**Exercise goal:** The records that follow must be transcribed exactly, each one in full.

··· Recorded data

Lemma cokernel_cancel (B X A Y : C) (i : Mor B X) (d : Mor X A) (f g : Mor A Y) :
  is_cokernel i d -> comp f d = comp g d -> f = g.
Proof.
move=> [d0 du] eq_fg.
have fdi : comp (comp f d) i = 0 by rewrite -compA d0 compm0.
have [w [_ wu]] := du _ _ fdi.
by rewrite -(wu f) // (wu g).
Qed.

Lemma kernel_iso (K B X A : C) (k : Mor K X) (i : Mor B X) (d : Mor X A) :
  is_kernel k d -> is_kernel i d -> exists phi : Mor K B, is_iso phi /\ comp i phi = k.
Proof.
move=> kerk keri; have [k0 ku] := kerk; have [i0 iu] := keri.
have [phi [iphi _]] := iu _ k k0.
have [psi [kpsi _]] := ku _ i i0.
exists phi; split=> //; exists psi; split.
- by apply: (kernel_cancel kerk); rewrite compA kpsi iphi compm1.
- by apply: (kernel_cancel keri); rewrite compA iphi kpsi compm1.
Qed.

Lemma cokernel_iso (B X A A' : C) (i : Mor B X) (e : Mor X A') (d : Mor X A) :
  is_cokernel i e -> is_cokernel i d -> exists al : Mor A' A, is_iso al /\ comp al e = d.
Proof.
move=> cokere cokerd; have [e0 eu] := cokere; have [d0 du] := cokerd.
have [al [ale _]] := eu _ d d0.
have [be [bed _]] := du _ e e0.
exists al; split=> //; exists be; split.
- by apply: (cokernel_cancel cokere); rewrite -compA ale bed comp1m.
- by apply: (cokernel_cancel cokerd); rewrite -compA bed ale comp1m.
Qed.

Lemma pushout_ext (B X B' Q Y : C) (i : Mor B X) (m : Mor B B')
    (i2 : Mor B' Q) (c : Mor X Q) (u v : Mor Q Y) :
  is_pushout i m Q i2 c -> comp u c = comp v c -> comp u i2 = comp v i2 -> u = v.
Proof.
move=> [po pu] uvc uvi2.
have uci : comp (comp u c) i = comp (comp u i2) m by rewrite -!compA po.
have [w [_ wu]] := pu _ _ _ uci.
by rewrite -(wu u) // (wu v).
Qed.

Lemma pullback_ext (X A A' P Y : C) (d : Mor X A) (g : Mor A' A)
    (d' : Mor P A') (f : Mor P X) (u v : Mor Y P) :
  is_pullback d g P d' f -> comp f u = comp f v -> comp d' u = comp d' v -> u = v.
Proof.
move=> [pb pu] uvf uvd'.
have dfu : comp d (comp f u) = comp g (comp d' u) by rewrite !compA pb.
have [w [_ wu]] := pu _ _ _ dfu.
by rewrite -(wu u) // (wu v).
Qed.

Lemma coproduct_ext (J : Type) (F : J -> C) (S Y : C) (inj : forall j, Mor (F j) S)
    (u v : Mor S Y) :
  is_coproduct F S inj -> (forall j, comp u (inj j) = comp v (inj j)) -> u = v.
Proof.
move=> coprS uv.
have [w [_ wu]] := coprS _ (fun j => comp u (inj j)).
by rewrite -(wu u) // (wu v).
Qed.

Lemma coproduct_factor (J : Type) (F : J -> C) (S Y Z : C)
    (inj : forall j, Mor (F j) S) (d : Mor Y Z) (f : Mor S Z) :
  is_coproduct F S inj -> (forall j, factors_through d (comp f (inj j))) ->
  factors_through d f.
Proof.
move=> coprS lift.
pose t j := proj1_sig (constructive_indefinite_description _ (lift j)).
have dt j : comp d (t j) = comp f (inj j).
  exact: proj2_sig (constructive_indefinite_description _ (lift j)).
have [g [gt _]] := coprS _ t.
by exists g; apply: (coproduct_ext coprS) => j; rewrite -compA gt dt.
Qed.

Lemma pullback_split_factor (X A A' P : C) (d : Mor X A) (a : Mor A' A)
    (d' : Mor P A') (f : Mor P X) :
  is_pullback d a P d' f -> (exists s, comp d' s = idm A') <-> factors_through d a.
Proof.
move=> [pb pu]; split=> [[s d's] | [t dt]].
- by exists (comp f s); rewrite compA pb -compA d's compm1.
- have dt1 : comp d t = comp a (idm A') by rewrite dt compm1.
  have [w [[_ d'w] _]] := pu _ _ _ dt1.
  by exists w.
Qed.

Lemma pushout_cokernel (B X A B' Q : C) (i : Mor B X) (d : Mor X A) (m : Mor B B')
    (i2 : Mor B' Q) (c : Mor X Q) (d2 : Mor Q A) :
  is_cokernel i d -> is_pushout i m Q i2 c -> comp d2 c = d -> comp d2 i2 = 0 ->
  is_cokernel i2 d2.
Proof.
move=> [d0 du] popQ d2c d2i2; split=> // Y f fi2.
have fci : comp (comp f c) i = 0 by rewrite -compA (proj1 popQ) compA fi2 comp0m.
have [g [gd gu]] := du _ (comp f c) fci.
exists g; split.
- apply: (pushout_ext popQ); first by rewrite -compA d2c.
  by rewrite -compA d2i2 compm0.
- by move=> g' g'd2; apply: gu; rewrite -g'd2 -compA d2c.
Qed.

Lemma pushout_deflation_comparison (B B' X X' A A' Q Q' : C)
    (i : Mor B X) (d : Mor X A) (m : Mor B B') (i2 : Mor B' Q) (c : Mor X Q)
    (d2 : Mor Q A) (i' : Mor B X') (d' : Mor X' A') (i2' : Mor B' Q')
    (c' : Mor X' Q') (d2' : Mor Q' A') (f : Mor X' X) (g : Mor A' A) :
  is_pushout i' m Q' i2' c' -> comp d2' c' = d' -> comp d2' i2' = 0 ->
  comp c i = comp i2 m -> comp d2 c = d -> comp d2 i2 = 0 ->
  comp f i' = i -> comp d f = comp g d' ->
  exists q : Mor Q' Q, comp d2 q = comp g d2'.
Proof.
move=> popQ' d2c' d2i2' ci d2c d2i2 fi' dfg.
have cfi' : comp (comp c f) i' = comp i2 m by rewrite -compA fi'.
have [q [[qc' qi2'] _]] := (proj2 popQ') _ _ _ cfi'.
exists q; apply: (pushout_ext popQ').
- by rewrite -!compA qc' d2c' compA d2c dfg.
- by rewrite -!compA qi2' d2i2' d2i2 compm0.
Qed.

Section Exact.
Variable E : confl_class C.
Hypothesis exE : is_exact E.

Lemma conflation_replace_kernel (B K X A : C) (k : Mor K X) (d : Mor X A)
    (i : Mor B X) :
  E k d -> is_kernel i d -> E i d.
Proof.
move=> Ekd keri.
have [kerk cokerk] := ex_kc exE Ekd.
have [phi [iso_phi iphi]] := kernel_iso kerk keri.
apply: (ex_iso exE Ekd keri _ iso_phi (is_iso_idm X) (is_iso_idm A)).
- split; first exact: (proj1 keri).
  by move=> Y f fi; apply: (proj2 cokerk); rewrite -iphi compA fi comp0m.
- by rewrite comp1m iphi.
- by rewrite comp1m compm1.
Qed.

Lemma conflation_replace_cokernel (B X A A' : C) (i : Mor B X) (e : Mor X A')
    (d : Mor X A) :
  E i e -> is_cokernel i d -> E i d.
Proof.
move=> Eie cokerd.
have [keri cokere] := ex_kc exE Eie.
have [al [iso_al ale]] := cokernel_iso cokere cokerd.
apply: (ex_iso exE Eie _ cokerd (is_iso_idm B) (is_iso_idm X) iso_al).
- split; first exact: (proj1 cokerd).
  move=> Y f df; apply: (proj2 keri); have [be [beal _]] := iso_al.
  by rewrite -[e]comp1m -beal -(compA be al e) ale -compA df compm0.
- by rewrite comp1m compm1.
- by rewrite compm1.
Qed.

······

**Result of this task:**
Lemma cokernel_cancel (B X A Y : C) (i : Mor B X) (d : Mor X A) (f g : Mor A Y) :
  is_cokernel i d -> comp f d = comp g d -> f = g.
Proof.
move=> [d0 du] eq_fg.
have fdi : comp (comp f d) i = 0 by rewrite -compA d0 compm0.
have [w [_ wu]] := du _ _ fdi.
by rewrite -(wu f) // (wu g).
Qed.

Lemma kernel_iso (K B X A : C) (k : Mor K X) (i : Mor B X) (d : Mor X A) :
  is_kernel k d -> is_kernel i d -> exists phi : Mor K B, is_iso phi /\ comp i phi = k.
Proof.
move=> kerk keri; have [k0 ku] := kerk; have [i0 iu] := keri.
have [phi [iphi _]] := iu _ k k0.
have [psi [kpsi _]] := ku _ i i0.
exists phi; split=> //; exists psi; split.
- by apply: (kernel_cancel kerk); rewrite compA kpsi iphi compm1.
- by apply: (kernel_cancel keri); rewrite compA iphi kpsi compm1.
Qed.

Lemma cokernel_iso (B X A A' : C) (i : Mor B X) (e : Mor X A') (d : Mor X A) :
  is_cokernel i e -> is_cokernel i d -> exists al : Mor A' A, is_iso al /\ comp al e = d.
Proof.
move=> cokere cokerd; have [e0 eu] := cokere; have [d0 du] := cokerd.
have [al [ale _]] := eu _ d d0.
have [be [bed _]] := du _ e e0.
exists al; split=> //; exists be; split.
- by apply: (cokernel_cancel cokere); rewrite -compA ale bed comp1m.
- by apply: (cokernel_cancel cokerd); rewrite -compA bed ale comp1m.
Qed.

Lemma pushout_ext (B X B' Q Y : C) (i : Mor B X) (m : Mor B B')
    (i2 : Mor B' Q) (c : Mor X Q) (u v : Mor Q Y) :
  is_pushout i m Q i2 c -> comp u c = comp v c -> comp u i2 = comp v i2 -> u = v.
Proof.
move=> [po pu] uvc uvi2.
have uci : comp (comp u c) i = comp (comp u i2) m by rewrite -!compA po.
have [w [_ wu]] := pu _ _ _ uci.
by rewrite -(wu u) // (wu v).
Qed.

Lemma pullback_ext (X A A' P Y : C) (d : Mor X A) (g : Mor A' A)
    (d' : Mor P A') (f : Mor P X) (u v : Mor Y P) :
  is_pullback d g P d' f -> comp f u = comp f v -> comp d' u = comp d' v -> u = v.
Proof.
move=> [pb pu] uvf uvd'.
have dfu : comp d (comp f u) = comp g (comp d' u) by rewrite !compA pb.
have [w [_ wu]] := pu _ _ _ dfu.
by rewrite -(wu u) // (wu v).
Qed.

Lemma coproduct_ext (J : Type) (F : J -> C) (S Y : C) (inj : forall j, Mor (F j) S)
    (u v : Mor S Y) :
  is_coproduct F S inj -> (forall j, comp u (inj j) = comp v (inj j)) -> u = v.
Proof.
move=> coprS uv.
have [w [_ wu]] := coprS _ (fun j => comp u (inj j)).
by rewrite -(wu u) // (wu v).
Qed.

Lemma coproduct_factor (J : Type) (F : J -> C) (S Y Z : C)
    (inj : forall j, Mor (F j) S) (d : Mor Y Z) (f : Mor S Z) :
  is_coproduct F S inj -> (forall j, factors_through d (comp f (inj j))) ->
  factors_through d f.
Proof.
move=> coprS lift.
pose t j := proj1_sig (constructive_indefinite_description _ (lift j)).
have dt j : comp d (t j) = comp f (inj j).
  exact: proj2_sig (constructive_indefinite_description _ (lift j)).
have [g [gt _]] := coprS _ t.
by exists g; apply: (coproduct_ext coprS) => j; rewrite -compA gt dt.
Qed.

Lemma pullback_split_factor (X A A' P : C) (d : Mor X A) (a : Mor A' A)
    (d' : Mor P A') (f : Mor P X) :
  is_pullback d a P d' f -> (exists s, comp d' s = idm A') <-> factors_through d a.
Proof.
move=> [pb pu]; split=> [[s d's] | [t dt]].
- by exists (comp f s); rewrite compA pb -compA d's compm1.
- have dt1 : comp d t = comp a (idm A') by rewrite dt compm1.
  have [w [[_ d'w] _]] := pu _ _ _ dt1.
  by exists w.
Qed.

Lemma pushout_cokernel (B X A B' Q : C) (i : Mor B X) (d : Mor X A) (m : Mor B B')
    (i2 : Mor B' Q) (c : Mor X Q) (d2 : Mor Q A) :
  is_cokernel i d -> is_pushout i m Q i2 c -> comp d2 c = d -> comp d2 i2 = 0 ->
  is_cokernel i2 d2.
Proof.
move=> [d0 du] popQ d2c d2i2; split=> // Y f fi2.
have fci : comp (comp f c) i = 0 by rewrite -compA (proj1 popQ) compA fi2 comp0m.
have [g [gd gu]] := du _ (comp f c) fci.
exists g; split.
- apply: (pushout_ext popQ); first by rewrite -compA d2c.
  by rewrite -compA d2i2 compm0.
- by move=> g' g'd2; apply: gu; rewrite -g'd2 -compA d2c.
Qed.

Lemma pushout_deflation_comparison (B B' X X' A A' Q Q' : C)
    (i : Mor B X) (d : Mor X A) (m : Mor B B') (i2 : Mor B' Q) (c : Mor X Q)
    (d2 : Mor Q A) (i' : Mor B X') (d' : Mor X' A') (i2' : Mor B' Q')
    (c' : Mor X' Q') (d2' : Mor Q' A') (f : Mor X' X) (g : Mor A' A) :
  is_pushout i' m Q' i2' c' -> comp d2' c' = d' -> comp d2' i2' = 0 ->
  comp c i = comp i2 m -> comp d2 c = d -> comp d2 i2 = 0 ->
  comp f i' = i -> comp d f = comp g d' ->
  exists q : Mor Q' Q, comp d2 q = comp g d2'.
Proof.
move=> popQ' d2c' d2i2' ci d2c d2i2 fi' dfg.
have cfi' : comp (comp c f) i' = comp i2 m by rewrite -compA fi'.
have [q [[qc' qi2'] _]] := (proj2 popQ') _ _ _ cfi'.
exists q; apply: (pushout_ext popQ').
- by rewrite -!compA qc' d2c' compA d2c dfg.
- by rewrite -!compA qi2' d2i2' d2i2 compm0.
Qed.

Section Exact.
Variable E : confl_class C.
Hypothesis exE : is_exact E.

Lemma conflation_replace_kernel (B K X A : C) (k : Mor K X) (d : Mor X A)
    (i : Mor B X) :
  E k d -> is_kernel i d -> E i d.
Proof.
move=> Ekd keri.
have [kerk cokerk] := ex_kc exE Ekd.
have [phi [iso_phi iphi]] := kernel_iso kerk keri.
apply: (ex_iso exE Ekd keri _ iso_phi (is_iso_idm X) (is_iso_idm A)).
- split; first exact: (proj1 keri).
  by move=> Y f fi; apply: (proj2 cokerk); rewrite -iphi compA fi comp0m.
- by rewrite comp1m iphi.
- by rewrite comp1m compm1.
Qed.

Lemma conflation_replace_cokernel (B X A A' : C) (i : Mor B X) (e : Mor X A')
    (d : Mor X A) :
  E i e -> is_cokernel i d -> E i d.
Proof.
move=> Eie cokerd.
have [keri cokere] := ex_kc exE Eie.
have [al [iso_al ale]] := cokernel_iso cokere cokerd.
apply: (ex_iso exE Eie _ cokerd (is_iso_idm B) (is_iso_idm X) iso_al).
- split; first exact: (proj1 cokerd).
  move=> Y f df; apply: (proj2 keri); have [be [beal _]] := iso_al.
  by rewrite -[e]comp1m -beal -(compA be al e) ale -compA df compm0.
- by rewrite comp1m compm1.
- by rewrite compm1.
Qed.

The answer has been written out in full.